| TASK TO CARRY OUT |
Return each line of the entries that mentions the word "flattenP".

| Collected data |

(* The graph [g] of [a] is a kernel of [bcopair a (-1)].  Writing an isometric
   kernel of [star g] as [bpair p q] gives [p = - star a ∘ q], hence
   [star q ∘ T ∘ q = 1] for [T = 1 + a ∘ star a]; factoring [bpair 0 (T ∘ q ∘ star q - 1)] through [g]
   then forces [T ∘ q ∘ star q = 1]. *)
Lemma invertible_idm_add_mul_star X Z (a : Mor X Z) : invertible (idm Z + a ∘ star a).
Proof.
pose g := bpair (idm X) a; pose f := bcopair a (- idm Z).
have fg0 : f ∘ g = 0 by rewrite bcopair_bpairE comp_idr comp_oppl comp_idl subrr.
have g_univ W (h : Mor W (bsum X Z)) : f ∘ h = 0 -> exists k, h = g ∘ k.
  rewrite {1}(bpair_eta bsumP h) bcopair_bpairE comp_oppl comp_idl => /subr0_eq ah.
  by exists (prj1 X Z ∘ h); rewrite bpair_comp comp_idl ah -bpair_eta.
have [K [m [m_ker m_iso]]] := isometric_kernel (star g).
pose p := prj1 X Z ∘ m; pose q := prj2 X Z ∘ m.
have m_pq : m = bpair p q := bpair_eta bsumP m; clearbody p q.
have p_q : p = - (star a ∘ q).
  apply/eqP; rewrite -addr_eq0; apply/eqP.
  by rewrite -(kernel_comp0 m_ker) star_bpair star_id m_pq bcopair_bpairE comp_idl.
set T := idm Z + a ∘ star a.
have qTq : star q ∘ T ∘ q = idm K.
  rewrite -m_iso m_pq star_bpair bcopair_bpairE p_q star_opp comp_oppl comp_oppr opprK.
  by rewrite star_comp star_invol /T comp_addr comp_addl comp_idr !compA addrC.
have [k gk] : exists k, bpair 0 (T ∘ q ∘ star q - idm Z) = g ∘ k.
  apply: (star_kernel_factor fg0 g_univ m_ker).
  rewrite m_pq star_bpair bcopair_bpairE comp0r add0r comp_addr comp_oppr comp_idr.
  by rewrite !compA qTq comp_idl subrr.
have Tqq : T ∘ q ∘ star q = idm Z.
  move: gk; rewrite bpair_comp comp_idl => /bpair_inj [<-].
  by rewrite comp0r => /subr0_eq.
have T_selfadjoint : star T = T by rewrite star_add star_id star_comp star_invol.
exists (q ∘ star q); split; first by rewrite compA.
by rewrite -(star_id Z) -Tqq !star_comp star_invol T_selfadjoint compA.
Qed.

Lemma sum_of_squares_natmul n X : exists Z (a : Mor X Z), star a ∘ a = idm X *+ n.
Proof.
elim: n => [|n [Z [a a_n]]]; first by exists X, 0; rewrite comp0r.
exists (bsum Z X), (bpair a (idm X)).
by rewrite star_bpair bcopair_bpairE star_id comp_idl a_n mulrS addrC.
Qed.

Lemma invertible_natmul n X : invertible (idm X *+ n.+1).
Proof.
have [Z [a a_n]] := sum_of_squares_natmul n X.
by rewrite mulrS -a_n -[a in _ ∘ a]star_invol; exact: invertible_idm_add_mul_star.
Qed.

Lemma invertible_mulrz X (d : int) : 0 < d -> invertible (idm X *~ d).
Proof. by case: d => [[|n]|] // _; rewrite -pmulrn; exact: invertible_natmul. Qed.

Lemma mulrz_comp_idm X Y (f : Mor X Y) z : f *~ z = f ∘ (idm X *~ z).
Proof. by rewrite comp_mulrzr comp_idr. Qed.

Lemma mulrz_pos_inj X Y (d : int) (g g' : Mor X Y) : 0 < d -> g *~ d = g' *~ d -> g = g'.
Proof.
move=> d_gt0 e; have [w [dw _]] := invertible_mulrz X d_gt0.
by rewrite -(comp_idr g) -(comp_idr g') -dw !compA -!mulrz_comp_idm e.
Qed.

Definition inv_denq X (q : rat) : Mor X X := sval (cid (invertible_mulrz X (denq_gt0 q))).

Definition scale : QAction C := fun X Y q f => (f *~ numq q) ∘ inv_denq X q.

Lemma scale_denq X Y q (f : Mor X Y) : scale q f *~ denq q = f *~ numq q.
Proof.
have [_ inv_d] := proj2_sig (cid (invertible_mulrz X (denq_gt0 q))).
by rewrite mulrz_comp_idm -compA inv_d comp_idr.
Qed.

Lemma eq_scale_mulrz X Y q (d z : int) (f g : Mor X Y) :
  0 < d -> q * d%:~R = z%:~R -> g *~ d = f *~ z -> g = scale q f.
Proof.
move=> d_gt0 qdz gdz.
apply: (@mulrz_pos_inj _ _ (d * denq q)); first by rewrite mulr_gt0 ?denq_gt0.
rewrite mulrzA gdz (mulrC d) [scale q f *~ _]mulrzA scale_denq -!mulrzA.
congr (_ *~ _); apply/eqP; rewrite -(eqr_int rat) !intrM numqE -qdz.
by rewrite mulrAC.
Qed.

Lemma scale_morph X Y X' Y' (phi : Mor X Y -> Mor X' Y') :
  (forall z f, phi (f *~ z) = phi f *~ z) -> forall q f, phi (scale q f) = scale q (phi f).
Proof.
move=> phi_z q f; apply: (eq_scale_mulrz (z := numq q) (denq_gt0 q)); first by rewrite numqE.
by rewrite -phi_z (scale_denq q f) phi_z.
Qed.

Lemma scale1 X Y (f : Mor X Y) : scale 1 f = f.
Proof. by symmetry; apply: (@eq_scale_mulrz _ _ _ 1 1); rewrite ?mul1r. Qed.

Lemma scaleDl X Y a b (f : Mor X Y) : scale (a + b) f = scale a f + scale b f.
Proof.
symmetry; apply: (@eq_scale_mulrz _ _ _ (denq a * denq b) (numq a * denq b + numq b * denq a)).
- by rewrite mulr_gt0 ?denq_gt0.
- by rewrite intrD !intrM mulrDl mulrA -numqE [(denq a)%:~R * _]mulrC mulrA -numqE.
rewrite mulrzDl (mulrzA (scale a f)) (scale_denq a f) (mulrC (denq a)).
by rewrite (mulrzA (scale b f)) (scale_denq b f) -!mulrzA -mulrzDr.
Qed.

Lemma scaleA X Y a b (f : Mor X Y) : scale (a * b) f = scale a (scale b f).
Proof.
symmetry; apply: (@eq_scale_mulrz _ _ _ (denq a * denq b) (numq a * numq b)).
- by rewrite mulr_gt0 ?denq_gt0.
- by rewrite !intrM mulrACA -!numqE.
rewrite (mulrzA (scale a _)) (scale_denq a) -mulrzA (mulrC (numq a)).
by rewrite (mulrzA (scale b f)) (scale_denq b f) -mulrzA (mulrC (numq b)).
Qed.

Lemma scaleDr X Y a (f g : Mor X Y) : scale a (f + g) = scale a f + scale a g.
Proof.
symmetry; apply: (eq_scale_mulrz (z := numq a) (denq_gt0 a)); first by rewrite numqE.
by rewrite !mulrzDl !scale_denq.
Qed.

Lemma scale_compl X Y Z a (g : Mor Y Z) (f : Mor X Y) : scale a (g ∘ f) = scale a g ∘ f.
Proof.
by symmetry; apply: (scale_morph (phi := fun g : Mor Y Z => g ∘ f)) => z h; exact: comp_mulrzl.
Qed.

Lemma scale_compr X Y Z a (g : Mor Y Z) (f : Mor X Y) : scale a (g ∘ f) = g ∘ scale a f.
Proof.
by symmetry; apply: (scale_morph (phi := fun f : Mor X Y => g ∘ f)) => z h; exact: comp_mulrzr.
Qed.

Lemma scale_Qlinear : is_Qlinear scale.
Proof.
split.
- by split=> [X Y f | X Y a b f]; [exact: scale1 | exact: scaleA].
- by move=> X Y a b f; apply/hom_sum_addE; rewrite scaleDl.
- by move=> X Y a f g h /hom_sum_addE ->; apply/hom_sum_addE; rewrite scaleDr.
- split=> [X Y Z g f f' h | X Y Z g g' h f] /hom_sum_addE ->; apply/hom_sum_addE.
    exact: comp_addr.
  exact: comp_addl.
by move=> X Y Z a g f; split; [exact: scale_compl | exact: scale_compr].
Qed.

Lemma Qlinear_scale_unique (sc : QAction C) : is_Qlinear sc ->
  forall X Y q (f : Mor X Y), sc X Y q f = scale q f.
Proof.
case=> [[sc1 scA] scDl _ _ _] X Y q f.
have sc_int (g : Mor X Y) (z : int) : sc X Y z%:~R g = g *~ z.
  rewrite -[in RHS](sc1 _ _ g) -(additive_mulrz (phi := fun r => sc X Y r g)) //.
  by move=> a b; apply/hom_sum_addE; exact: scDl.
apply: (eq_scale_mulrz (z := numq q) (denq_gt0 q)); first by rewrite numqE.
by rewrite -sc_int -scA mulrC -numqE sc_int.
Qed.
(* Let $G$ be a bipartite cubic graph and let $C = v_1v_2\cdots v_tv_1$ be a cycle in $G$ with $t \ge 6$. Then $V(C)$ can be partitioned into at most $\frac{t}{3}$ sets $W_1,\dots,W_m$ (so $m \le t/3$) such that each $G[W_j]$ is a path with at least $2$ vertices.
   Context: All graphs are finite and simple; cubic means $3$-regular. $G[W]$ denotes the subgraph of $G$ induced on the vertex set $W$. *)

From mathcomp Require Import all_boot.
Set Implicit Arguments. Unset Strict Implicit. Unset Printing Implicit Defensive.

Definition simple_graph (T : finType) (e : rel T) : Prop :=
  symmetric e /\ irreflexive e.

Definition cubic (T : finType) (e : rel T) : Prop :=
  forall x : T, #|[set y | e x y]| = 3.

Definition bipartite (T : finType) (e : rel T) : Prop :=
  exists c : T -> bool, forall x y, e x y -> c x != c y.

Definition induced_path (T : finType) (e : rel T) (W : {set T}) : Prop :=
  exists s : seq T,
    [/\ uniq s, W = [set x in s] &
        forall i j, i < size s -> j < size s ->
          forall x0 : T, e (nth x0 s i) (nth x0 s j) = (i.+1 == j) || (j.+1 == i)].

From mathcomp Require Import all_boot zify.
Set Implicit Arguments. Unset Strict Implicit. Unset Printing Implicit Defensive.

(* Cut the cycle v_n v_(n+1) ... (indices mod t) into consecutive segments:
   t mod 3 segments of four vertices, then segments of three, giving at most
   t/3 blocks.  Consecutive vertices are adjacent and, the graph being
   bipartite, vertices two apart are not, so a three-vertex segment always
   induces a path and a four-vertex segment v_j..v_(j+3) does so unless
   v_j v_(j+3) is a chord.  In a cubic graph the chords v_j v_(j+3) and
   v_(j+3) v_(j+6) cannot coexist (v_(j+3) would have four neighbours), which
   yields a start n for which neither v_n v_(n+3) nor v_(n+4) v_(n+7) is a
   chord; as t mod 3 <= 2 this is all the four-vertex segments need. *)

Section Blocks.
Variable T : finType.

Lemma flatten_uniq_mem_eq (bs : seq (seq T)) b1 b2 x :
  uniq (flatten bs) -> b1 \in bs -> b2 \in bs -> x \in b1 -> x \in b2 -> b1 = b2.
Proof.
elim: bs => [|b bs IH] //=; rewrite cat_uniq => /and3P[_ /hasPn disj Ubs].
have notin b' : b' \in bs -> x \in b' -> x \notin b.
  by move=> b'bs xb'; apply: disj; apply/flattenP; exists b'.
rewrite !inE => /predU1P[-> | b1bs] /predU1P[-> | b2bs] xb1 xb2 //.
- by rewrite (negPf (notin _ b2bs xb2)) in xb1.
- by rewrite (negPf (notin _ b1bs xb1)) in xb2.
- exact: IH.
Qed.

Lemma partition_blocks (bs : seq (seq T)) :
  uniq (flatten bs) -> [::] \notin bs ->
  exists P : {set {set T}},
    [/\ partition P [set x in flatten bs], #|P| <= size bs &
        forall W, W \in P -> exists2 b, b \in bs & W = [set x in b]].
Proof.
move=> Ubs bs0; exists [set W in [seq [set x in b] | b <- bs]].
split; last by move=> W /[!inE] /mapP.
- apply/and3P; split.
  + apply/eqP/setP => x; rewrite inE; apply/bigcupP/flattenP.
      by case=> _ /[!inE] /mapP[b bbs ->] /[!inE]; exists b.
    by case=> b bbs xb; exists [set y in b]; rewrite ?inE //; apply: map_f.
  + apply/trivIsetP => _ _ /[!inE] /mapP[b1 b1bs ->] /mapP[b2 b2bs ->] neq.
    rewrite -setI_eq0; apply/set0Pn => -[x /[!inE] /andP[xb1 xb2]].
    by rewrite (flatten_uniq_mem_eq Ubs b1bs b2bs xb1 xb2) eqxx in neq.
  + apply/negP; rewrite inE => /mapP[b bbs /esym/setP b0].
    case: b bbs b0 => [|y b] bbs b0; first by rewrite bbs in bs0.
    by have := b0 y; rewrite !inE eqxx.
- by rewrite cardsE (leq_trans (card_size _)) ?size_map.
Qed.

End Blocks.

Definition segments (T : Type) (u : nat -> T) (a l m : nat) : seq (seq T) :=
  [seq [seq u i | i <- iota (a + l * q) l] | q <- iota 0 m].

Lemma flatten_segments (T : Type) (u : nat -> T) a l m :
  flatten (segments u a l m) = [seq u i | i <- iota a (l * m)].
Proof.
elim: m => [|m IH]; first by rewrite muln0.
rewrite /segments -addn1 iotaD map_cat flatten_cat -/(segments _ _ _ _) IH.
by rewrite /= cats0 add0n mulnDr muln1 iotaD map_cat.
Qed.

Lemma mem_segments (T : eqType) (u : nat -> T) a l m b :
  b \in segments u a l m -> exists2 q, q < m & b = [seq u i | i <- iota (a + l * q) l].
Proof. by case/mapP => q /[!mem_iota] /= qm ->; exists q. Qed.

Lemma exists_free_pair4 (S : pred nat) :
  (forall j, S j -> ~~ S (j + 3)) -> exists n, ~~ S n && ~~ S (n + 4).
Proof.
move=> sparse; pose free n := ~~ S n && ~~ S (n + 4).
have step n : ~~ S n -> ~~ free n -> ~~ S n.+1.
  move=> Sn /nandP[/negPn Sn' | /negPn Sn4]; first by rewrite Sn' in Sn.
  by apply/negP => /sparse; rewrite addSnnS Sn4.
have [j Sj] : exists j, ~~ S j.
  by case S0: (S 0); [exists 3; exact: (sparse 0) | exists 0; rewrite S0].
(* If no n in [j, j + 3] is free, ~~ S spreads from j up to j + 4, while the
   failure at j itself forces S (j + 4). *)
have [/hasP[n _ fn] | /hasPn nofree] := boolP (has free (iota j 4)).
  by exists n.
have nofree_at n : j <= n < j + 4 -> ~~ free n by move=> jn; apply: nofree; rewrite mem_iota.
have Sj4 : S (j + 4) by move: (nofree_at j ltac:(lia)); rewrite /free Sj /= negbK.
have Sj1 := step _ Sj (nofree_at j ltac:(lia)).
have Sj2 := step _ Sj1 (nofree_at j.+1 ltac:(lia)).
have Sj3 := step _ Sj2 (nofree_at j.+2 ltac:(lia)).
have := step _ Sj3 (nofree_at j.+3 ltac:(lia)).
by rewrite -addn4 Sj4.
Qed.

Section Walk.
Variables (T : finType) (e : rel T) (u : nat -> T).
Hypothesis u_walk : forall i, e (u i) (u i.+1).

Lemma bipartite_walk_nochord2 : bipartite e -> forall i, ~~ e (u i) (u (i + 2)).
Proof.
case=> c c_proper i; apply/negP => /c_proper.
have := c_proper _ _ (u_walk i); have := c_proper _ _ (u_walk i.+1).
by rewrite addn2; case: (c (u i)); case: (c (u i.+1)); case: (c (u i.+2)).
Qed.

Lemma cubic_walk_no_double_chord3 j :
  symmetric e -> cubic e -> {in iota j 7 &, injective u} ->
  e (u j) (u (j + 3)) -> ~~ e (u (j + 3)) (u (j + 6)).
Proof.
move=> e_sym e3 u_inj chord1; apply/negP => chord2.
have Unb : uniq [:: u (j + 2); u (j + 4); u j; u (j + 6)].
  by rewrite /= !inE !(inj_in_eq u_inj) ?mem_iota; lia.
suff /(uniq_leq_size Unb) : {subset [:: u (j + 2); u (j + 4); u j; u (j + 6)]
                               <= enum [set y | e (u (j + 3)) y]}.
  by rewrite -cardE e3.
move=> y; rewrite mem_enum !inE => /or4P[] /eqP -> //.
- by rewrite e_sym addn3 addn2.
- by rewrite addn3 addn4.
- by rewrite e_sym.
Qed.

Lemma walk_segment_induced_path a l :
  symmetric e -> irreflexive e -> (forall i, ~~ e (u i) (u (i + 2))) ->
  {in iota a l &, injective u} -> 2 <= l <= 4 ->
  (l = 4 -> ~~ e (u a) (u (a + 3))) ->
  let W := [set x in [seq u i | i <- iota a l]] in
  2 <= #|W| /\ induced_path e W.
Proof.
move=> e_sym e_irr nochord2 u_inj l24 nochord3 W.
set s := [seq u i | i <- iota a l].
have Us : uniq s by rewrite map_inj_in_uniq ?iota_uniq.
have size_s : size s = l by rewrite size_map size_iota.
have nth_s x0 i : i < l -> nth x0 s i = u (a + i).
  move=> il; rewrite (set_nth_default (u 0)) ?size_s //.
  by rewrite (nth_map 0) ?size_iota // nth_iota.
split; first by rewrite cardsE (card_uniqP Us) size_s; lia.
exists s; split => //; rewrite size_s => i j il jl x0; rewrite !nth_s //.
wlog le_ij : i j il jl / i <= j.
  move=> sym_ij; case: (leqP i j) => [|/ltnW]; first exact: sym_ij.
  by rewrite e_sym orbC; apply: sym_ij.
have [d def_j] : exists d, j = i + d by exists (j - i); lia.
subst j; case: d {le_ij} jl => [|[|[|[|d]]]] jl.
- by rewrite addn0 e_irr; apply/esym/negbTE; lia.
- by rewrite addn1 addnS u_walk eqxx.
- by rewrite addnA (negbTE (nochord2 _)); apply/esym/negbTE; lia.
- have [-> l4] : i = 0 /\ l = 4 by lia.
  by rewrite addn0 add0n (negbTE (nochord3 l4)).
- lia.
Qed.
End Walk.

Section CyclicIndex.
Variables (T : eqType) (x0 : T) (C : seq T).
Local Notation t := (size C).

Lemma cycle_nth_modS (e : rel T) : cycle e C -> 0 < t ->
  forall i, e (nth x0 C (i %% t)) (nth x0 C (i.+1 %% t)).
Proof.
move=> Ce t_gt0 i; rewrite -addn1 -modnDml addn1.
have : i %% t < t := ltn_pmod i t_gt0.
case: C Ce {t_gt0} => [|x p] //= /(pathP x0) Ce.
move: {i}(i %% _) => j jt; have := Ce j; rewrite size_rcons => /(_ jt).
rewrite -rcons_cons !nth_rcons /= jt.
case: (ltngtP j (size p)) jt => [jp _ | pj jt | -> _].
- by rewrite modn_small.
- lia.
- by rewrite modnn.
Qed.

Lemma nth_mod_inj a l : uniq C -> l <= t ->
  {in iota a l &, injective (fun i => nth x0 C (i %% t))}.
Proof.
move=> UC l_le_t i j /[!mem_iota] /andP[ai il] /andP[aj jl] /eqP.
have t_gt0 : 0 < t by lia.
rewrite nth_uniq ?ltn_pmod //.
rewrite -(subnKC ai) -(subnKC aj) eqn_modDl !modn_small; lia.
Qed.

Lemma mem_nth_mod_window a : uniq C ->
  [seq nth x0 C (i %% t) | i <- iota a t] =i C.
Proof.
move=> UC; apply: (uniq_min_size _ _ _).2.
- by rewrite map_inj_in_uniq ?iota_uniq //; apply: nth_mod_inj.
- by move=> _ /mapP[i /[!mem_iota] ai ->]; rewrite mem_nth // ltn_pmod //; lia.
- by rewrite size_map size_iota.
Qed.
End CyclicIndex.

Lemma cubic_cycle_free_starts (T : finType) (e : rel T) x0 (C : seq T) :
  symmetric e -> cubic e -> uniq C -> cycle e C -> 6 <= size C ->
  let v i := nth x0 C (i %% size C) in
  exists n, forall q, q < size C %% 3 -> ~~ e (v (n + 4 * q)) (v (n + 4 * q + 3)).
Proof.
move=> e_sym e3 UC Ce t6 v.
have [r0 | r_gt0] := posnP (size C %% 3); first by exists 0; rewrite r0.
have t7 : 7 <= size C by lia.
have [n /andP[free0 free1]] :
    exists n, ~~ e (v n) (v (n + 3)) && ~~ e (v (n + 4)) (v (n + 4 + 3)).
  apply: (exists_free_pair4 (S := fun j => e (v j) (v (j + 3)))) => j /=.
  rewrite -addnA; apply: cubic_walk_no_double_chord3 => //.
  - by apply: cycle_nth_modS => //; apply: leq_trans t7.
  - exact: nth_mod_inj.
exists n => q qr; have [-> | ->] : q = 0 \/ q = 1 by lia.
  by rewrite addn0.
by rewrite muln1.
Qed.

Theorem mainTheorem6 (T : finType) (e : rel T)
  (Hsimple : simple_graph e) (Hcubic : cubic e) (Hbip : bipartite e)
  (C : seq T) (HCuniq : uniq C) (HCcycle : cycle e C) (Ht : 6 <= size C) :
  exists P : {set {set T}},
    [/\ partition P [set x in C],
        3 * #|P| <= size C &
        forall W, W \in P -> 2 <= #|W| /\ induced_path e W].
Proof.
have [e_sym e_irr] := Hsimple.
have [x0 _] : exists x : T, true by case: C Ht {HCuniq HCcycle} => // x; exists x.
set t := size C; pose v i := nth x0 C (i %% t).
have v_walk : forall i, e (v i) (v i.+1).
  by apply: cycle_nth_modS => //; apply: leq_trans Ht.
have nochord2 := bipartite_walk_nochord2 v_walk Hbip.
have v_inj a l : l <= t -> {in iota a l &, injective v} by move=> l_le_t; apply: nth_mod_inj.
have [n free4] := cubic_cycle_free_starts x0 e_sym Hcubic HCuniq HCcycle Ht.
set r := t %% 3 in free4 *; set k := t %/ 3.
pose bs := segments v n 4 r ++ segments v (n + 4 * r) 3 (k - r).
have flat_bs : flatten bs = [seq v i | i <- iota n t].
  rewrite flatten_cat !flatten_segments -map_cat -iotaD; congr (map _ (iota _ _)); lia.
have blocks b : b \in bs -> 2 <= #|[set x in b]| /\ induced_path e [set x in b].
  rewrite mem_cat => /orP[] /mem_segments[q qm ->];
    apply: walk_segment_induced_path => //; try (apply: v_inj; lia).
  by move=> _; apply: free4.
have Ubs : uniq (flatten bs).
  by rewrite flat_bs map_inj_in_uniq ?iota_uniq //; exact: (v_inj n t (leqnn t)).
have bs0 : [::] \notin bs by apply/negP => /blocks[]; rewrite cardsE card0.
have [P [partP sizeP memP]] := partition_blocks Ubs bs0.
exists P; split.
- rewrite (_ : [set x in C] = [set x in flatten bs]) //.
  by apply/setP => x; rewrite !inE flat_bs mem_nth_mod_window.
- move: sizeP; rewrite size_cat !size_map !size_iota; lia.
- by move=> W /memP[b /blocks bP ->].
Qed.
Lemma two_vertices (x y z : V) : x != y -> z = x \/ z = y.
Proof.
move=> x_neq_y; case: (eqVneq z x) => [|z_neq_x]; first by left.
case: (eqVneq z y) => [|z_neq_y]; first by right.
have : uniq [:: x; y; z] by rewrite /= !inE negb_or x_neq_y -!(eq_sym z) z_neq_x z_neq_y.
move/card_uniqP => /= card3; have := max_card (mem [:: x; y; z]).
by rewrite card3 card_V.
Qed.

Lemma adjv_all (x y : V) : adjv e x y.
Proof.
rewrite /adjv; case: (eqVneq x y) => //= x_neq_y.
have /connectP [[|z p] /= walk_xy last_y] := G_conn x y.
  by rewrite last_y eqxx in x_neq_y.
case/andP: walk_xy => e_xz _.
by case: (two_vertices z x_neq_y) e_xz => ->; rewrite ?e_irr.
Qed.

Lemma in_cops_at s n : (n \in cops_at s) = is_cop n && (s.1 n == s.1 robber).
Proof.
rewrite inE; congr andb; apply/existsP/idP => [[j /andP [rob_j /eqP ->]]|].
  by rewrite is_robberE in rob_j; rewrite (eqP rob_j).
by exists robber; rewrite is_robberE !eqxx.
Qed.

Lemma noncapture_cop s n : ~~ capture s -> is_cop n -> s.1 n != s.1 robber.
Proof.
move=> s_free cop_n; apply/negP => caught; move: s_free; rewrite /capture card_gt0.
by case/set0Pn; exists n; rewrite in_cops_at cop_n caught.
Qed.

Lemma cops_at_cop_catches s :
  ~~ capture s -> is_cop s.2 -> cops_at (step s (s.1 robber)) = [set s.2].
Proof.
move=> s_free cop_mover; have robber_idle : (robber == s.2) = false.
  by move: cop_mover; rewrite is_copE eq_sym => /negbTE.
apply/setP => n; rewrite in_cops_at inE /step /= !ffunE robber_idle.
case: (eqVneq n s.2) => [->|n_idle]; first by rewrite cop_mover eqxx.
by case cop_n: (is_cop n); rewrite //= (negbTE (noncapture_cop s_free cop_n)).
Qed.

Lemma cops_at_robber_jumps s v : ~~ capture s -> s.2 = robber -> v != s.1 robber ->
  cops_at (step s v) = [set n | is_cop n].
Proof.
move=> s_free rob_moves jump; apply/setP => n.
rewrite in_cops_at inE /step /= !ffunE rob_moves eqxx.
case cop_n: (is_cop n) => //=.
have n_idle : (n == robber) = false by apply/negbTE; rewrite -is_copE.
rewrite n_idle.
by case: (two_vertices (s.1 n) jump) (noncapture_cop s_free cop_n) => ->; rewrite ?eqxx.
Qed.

| WRITTEN SOLUTION |
  by move=> b'bs xb'; apply: disj; apply/flattenP; exists b'.
  + apply/eqP/setP => x; rewrite inE; apply/bigcupP/flattenP.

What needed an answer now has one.